Synchronize a Folder Across Machines Over the Internet–Mac, PC, Whatever
jason| February 27, 2008 1:52 pmHere is a useful HowTo for anyone who needs to keep files in sync between PCs. There are many commercial solutions out there (iDrive et al.) that facilitate this, but those can be expensive and often limit space to a few gigabytes at most. This solution allows you to synchronize as much as you need and keep costs down. It is also relatively easy to implement across multiple platforms and operating systems. Here are the basic ingredients of this design:
- A publicly accessible machine, always connected to the Internet, that you can access via ssh. This can be a web host that allows ssh access or a machine of your own hooked up to the Internet with a static IP or dynamic DNS.
- Unison. Don’t worry about this one. It’s a free rsync-like tool that supports bidirectional edits and can be downloaded for free.
- Some time and patience. This method isn’t exactly for the faint of heart–but no worries, walk through step by step and you’ll get there.
If it looks like you can handle those three, read on for the details.
In order to facilitate synchronization between more than two machines (or even two machines that cannot directly communicate due to firewalls, etc.), it is necessary to use a star or hub and spoke topology. Choose a machine that is always connected to the Internet with a sufficiently fast connection as the hub. This may or may not be a machine from which you intend to access your files, it can be an intermediary. SSH capabilities are also required as Unison tunnels through SSH. SSH, like Unison, is very portable and available on most every platform, however, it will be most convenient to choose a Linux, BSD, or some other platform that natively supports an SSH server as the hub. Setting up an SSH server on Windows is beyond the scope of this article.

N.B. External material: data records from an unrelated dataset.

(* Hyperbolicity is witnessed by another generating set [t]; the two word metrics are
   bi-Lipschitz, so the vertex paths of [s]-words are quasigeodesic chains for [t]. *)
Lemma near_geodesic_near_quasigeodesic {H : Group} {X : Type} (s : X -> H) :
  word_hyperbolic H -> fin_sym_gen s -> forall (lam : R) (k : nat), exists D,
  forall (x g : H) (p u : list X), geodesic_word s gone x p -> word_eval s u = x ->
  quasigeodesic s lam u -> near_path s k g gone p -> near_path s D g gone u.
Proof.
  intros [Y [t [delta [[FinY [t_sym t_gen]] t_hyp]]]] [FinX [_ s_gen]] lam k.
  destruct (word_dist_lipschitz s t s_gen t_gen FinX) as [L1 [HL1 t_le_s]].
  destruct (word_dist_lipschitz t s t_gen s_gen FinY) as [L2 [_ s_le_t]].
  destruct (exists_INR_ge lam) as [Lam HLam].
  destruct (quasigeodesic_chains_fellow_travel t t_sym t_gen delta t_hyp L1 ((Lam + 1) * L2) HL1)
    as [D HD].
  exists (L2 * (L1 * k + D)). intros x g p u Hp Hu Hq [i [li Hi]].
  assert (Cp : quasigeodesic_chain t L1 ((Lam + 1) * L2) (vertex s gone p) (length p)).
  { apply vertex_quasigeodesic_chain; auto. intros i' j' le lj.
    pose proof (geodesic_index_gap s s_gen x p Hp i' j' le lj). nia. }
  assert (Cu : quasigeodesic_chain t L1 ((Lam + 1) * L2) (vertex s gone u) (length u)).
  { apply vertex_quasigeodesic_chain; auto. intros i' j' le lj.
    pose proof (quasigeodesic_index_gap s s_gen lam Lam u Hq HLam i' j' le lj). nia. }
  assert (Eend : vertex s gone p (length p) = vertex s gone u (length u))
    by (now rewrite !vertex_length, (proj1 Hp), Hu, gone_l).
  destruct (HD _ _ _ _ Cp Cu ltac:(now rewrite !vertex_0) Eend i li) as [m [lm Dm]].
  exists m. split; [exact lm|]. apply dist_le_iff; [exact s_gen|].
  apply dist_le_iff in Hi; [|exact s_gen].
  pose proof (t_le_s g (vertex s gone p i)).
  pose proof (word_dist_triangle t t_gen g (vertex s gone p i) (vertex s gone u m)).
  pose proof (Nat.mul_le_mono_l _ _ L1 Hi).
  eapply Nat.le_trans; [apply s_le_t|]. apply Nat.mul_le_mono_l. lia.
Qed.

(** * Central extensions *)

Section CentralExtension.
Context {E G : Group} (iota : Z -> E) (pi : E -> G).
Hypothesis iota_add : forall m n : Z, iota (m + n)%Z = gmul (iota m) (iota n).
Hypothesis iota_inj : forall m n : Z, iota m = iota n -> m = n.
Hypothesis iota_central : forall (n : Z) (e : E), gmul (iota n) e = gmul e (iota n).

Lemma iota_0 : iota 0%Z = gone.
Proof. apply (gmul_cancel_l _ (iota 0%Z)). now rewrite <- iota_add, gmul_one_r. Qed.

Lemma iota_cancel n e : gmul (iota (- n)) (gmul (iota n) e) = e.
Proof. now rewrite gassoc, <- iota_add, Z.add_opp_diag_l, iota_0, gone_l. Qed.

Lemma fib_le_iff x y : fib_le iota x y <-> exists n, (0 <= n)%Z /\ y = gmul (iota n) x.
Proof.
  split; intros [n [Hn En]]; exists n; split; auto.
  - now rewrite <- En, <- gassoc, ginv_l, gmul_one_r.
  - now rewrite En, <- gassoc, gmul_inv_r, gmul_one_r.
Qed.

Lemma fib_le_mul a b c d : fib_le iota a b -> fib_le iota c d -> fib_le iota (gmul a c) (gmul b d).
Proof.
  rewrite !fib_le_iff. intros [n [Hn ->]] [m [Hm ->]]. exists (n + m)%Z. split; [lia|].
  now rewrite iota_add, <- !gassoc, (gassoc _ a), <- iota_central, <- gassoc.
Qed.

Lemma fib_le_iota_mul n m x : fib_le iota (gmul (iota n) x) (gmul (iota m) x) -> (n <= m)%Z.
Proof.
  rewrite fib_le_iff. intros [k [Hk E1]]. rewrite gassoc, <- iota_add in E1.
  apply gmul_cancel_r, iota_inj in E1. lia.
Qed.

Variables (C : Z) (X : Type) (ev : X -> E).

Lemma wval_app u v : wval ev iota C (u ++ v) = gmul (wval ev iota C u) (wval ev iota C v).
Proof.
  unfold wval. rewrite word_eval_app, length_app, Nat2Z.inj_add, Z.mul_add_distr_l, iota_add.
  rewrite <- !gassoc. f_equal. rewrite !gassoc. f_equal. symmetry. apply iota_central.
Qed.

Lemma wval_insert_loop u v w : word_eval ev v = gone ->
  wval ev iota C (u ++ v ++ w) =
  gmul (iota (- C * Z.of_nat (length v))%Z) (wval ev iota C (u ++ w)).
Proof.
  intro Ev. rewrite !wval_app. unfold wval at 2. rewrite Ev, gone_l.
  now rewrite gassoc, <- iota_central, <- gassoc.
Qed.

Lemma iota_dist_le :
  (forall e : E, exists w, word_eval ev w = e) ->
  exists K0, forall (n : Z) (e : E),
    (0 <= n)%Z -> dist_le ev (gmul (iota n) e) e (Z.to_nat n * K0).
Proof.
  intro gen. destruct (gen (iota (-1)%Z)) as [z1 Ez1]. exists (length z1).
  assert (Hpow : forall t : nat,
    exists z, length z <= t * length z1 /\ word_eval ev z = iota (- Z.of_nat t)%Z).
  { induction t as [|t [z [Lz Ez]]].
    - exists []. split; [simpl; lia|]. simpl. now rewrite iota_0.
    - exists (z1 ++ z). rewrite length_app, word_eval_app, Ez1, Ez, <- iota_add.
      split; [lia|]. f_equal. lia. }
  intros n e Hn. destruct (Hpow (Z.to_nat n)) as [z [Lz Ez]]. exists z. split; [exact Lz|].
  now rewrite Ez, Z2Nat.id, <- iota_central, iota_cancel by exact Hn.
Qed.

Hypothesis pi_hom : is_group_hom pi.
Variable rho : G -> E.
Hypothesis rho_max : forall g : G, is_fib_max ev iota pi C g (rho g).

Lemma rho_mul_ge g h :
  exists n, (0 <= n)%Z /\ rho (gmul g h) = gmul (iota n) (gmul (rho g) (rho h)).
Proof.
  destruct (rho_max g) as [[wg [Pg <-]] _]. destruct (rho_max h) as [[wh [Ph <-]] _].
  apply fib_le_iff. rewrite <- wval_app. apply rho_max.
  now rewrite word_eval_app, pi_hom, Pg, Ph.
Qed.

(* [A ++ v] and [w ++ B] represent [g] and [h], so their values lie below [rho g] and
   [rho h]; the product of these values is [rho (g h)] shifted by the loop [v ++ w]. *)
Lemma rho_mul_defect g h A B v w :
  word_eval ev (v ++ w) = gone ->
  pi (word_eval ev (A ++ v)) = g -> pi (word_eval ev (w ++ B)) = h ->
  wval ev iota C (A ++ B) = rho (gmul g h) ->
  exists n, (0 <= n <= C * Z.of_nat (length (v ++ w)))%Z /\
    rho (gmul g h) = gmul (iota n) (gmul (rho g) (rho h)).
Proof.
  intros Eloop HA HB EAB. destruct (rho_mul_ge g h) as [n [Hn En]]. exists n.
  split; [split; [exact Hn|]|exact En].
  pose proof (fib_le_mul _ _ _ _ (proj2 (rho_max g) _ HA) (proj2 (rho_max h) _ HB)) as Hle.
  rewrite <- wval_app, <- app_assoc, (app_assoc v w B), wval_insert_loop, EAB in Hle
    by exact Eloop.
  rewrite <- (iota_cancel n (gmul (rho g) (rho h))), <- En in Hle.
  apply fib_le_iota_mul in Hle. lia.
Qed.

End CentralExtension.

Theorem lemma3p2 (E G : Group) (iota : Z -> E) (pi : E -> G)
  (X : Type) (ev : X -> E) (C : Z) (rho : G -> E) :
  word_hyperbolic G ->
  central_extension E G iota pi ->
  fin_sym_gen ev ->
  (0 < C)%Z ->
  (forall g : G, is_fib_max ev iota pi C g (rho g)) ->
  (exists lam : R, (0 < lam)%R /\
     forall (g : G) (w : list X),
       pi (word_eval ev w) = g -> wval ev iota C w = rho g ->
       quasigeodesic (fun x => pi (ev x)) lam w) ->
  forall k : nat, exists K : nat, forall g h : G,
    (exists p : list X,
       geodesic_word (fun x => pi (ev x)) gone (gmul g h) p /\
       near_path (fun x => pi (ev x)) k g gone p) ->
    dist_le ev (rho (gmul g h)) (gmul (rho g) (rho h)) K.
Proof.
  intros G_hyp [iota_add [iota_inj [pi_hom [pi_surj [_ iota_central]]]]] ev_gen _ rho_max
    [lam [_ rho_qgeod]] k.
  destruct (near_geodesic_near_quasigeodesic _ G_hyp
              (fin_sym_gen_hom_image pi pi_hom ev pi_surj ev_gen) lam k) as [D HD].
  destruct (iota_dist_le iota iota_add iota_central X ev (proj2 (proj2 ev_gen))) as [K0 HK0].
  exists (Z.to_nat C * (2 * D) * K0). intros g h [p [Hp Hnear]].
  destruct (rho_max (gmul g h)) as [[u [Pu Wu]] _].
  pose proof Pu as Pu'. rewrite (hom_word_eval pi pi_hom) in Pu'.
  destruct (HD _ g p u Hp Pu' (rho_qgeod _ u Pu Wu) Hnear) as [m [lm [w [Lw Ew]]]].
  destruct (word_inv_exists ev (proj1 (proj2 ev_gen)) w) as [v [Lv Ev]].
  destruct (word_eval_split_at (fun x => pi (ev x)) g h u w v m Pu') as [HA HB].
  { unfold vertex in Ew. now rewrite gone_l in Ew. }
  { now rewrite <- !(hom_word_eval pi pi_hom), Ev, (hom_inv pi pi_hom). }
  rewrite <- (hom_word_eval pi pi_hom) in HA, HB.
  destruct (rho_mul_defect iota pi iota_add iota_inj iota_central C X ev pi_hom rho rho_max
              g h (firstn m u) (skipn m u) v w) as [n [Hn ->]]; auto.
  { now rewrite word_eval_app, Ev, ginv_l. }
  { now rewrite firstn_skipn. }
  rewrite length_app, Lv in Hn.
  assert (Hn_le : Z.to_nat n <= Z.to_nat C * (2 * D)) by nia.
  destruct (HK0 n (gmul (rho g) (rho h)) (proj1 Hn)) as [z [Lz Ez]].
  exists z. split; [|exact Ez]. eapply Nat.le_trans; [exact Lz|]. now apply Nat.mul_le_mono_r.
Qed.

Once the hub is chosen, Unison needs to be installed on the hub and each of the spokes–client machines that will be synchronizing the shared folder. Unison is a small 1.4MB stand alone executable, but it can be a little tricky to get installed. Below are the steps I took to get it running on three different platforms. Something to keep in mind is that you should install the same version of unison on each system and upgrade them all at the same time as well.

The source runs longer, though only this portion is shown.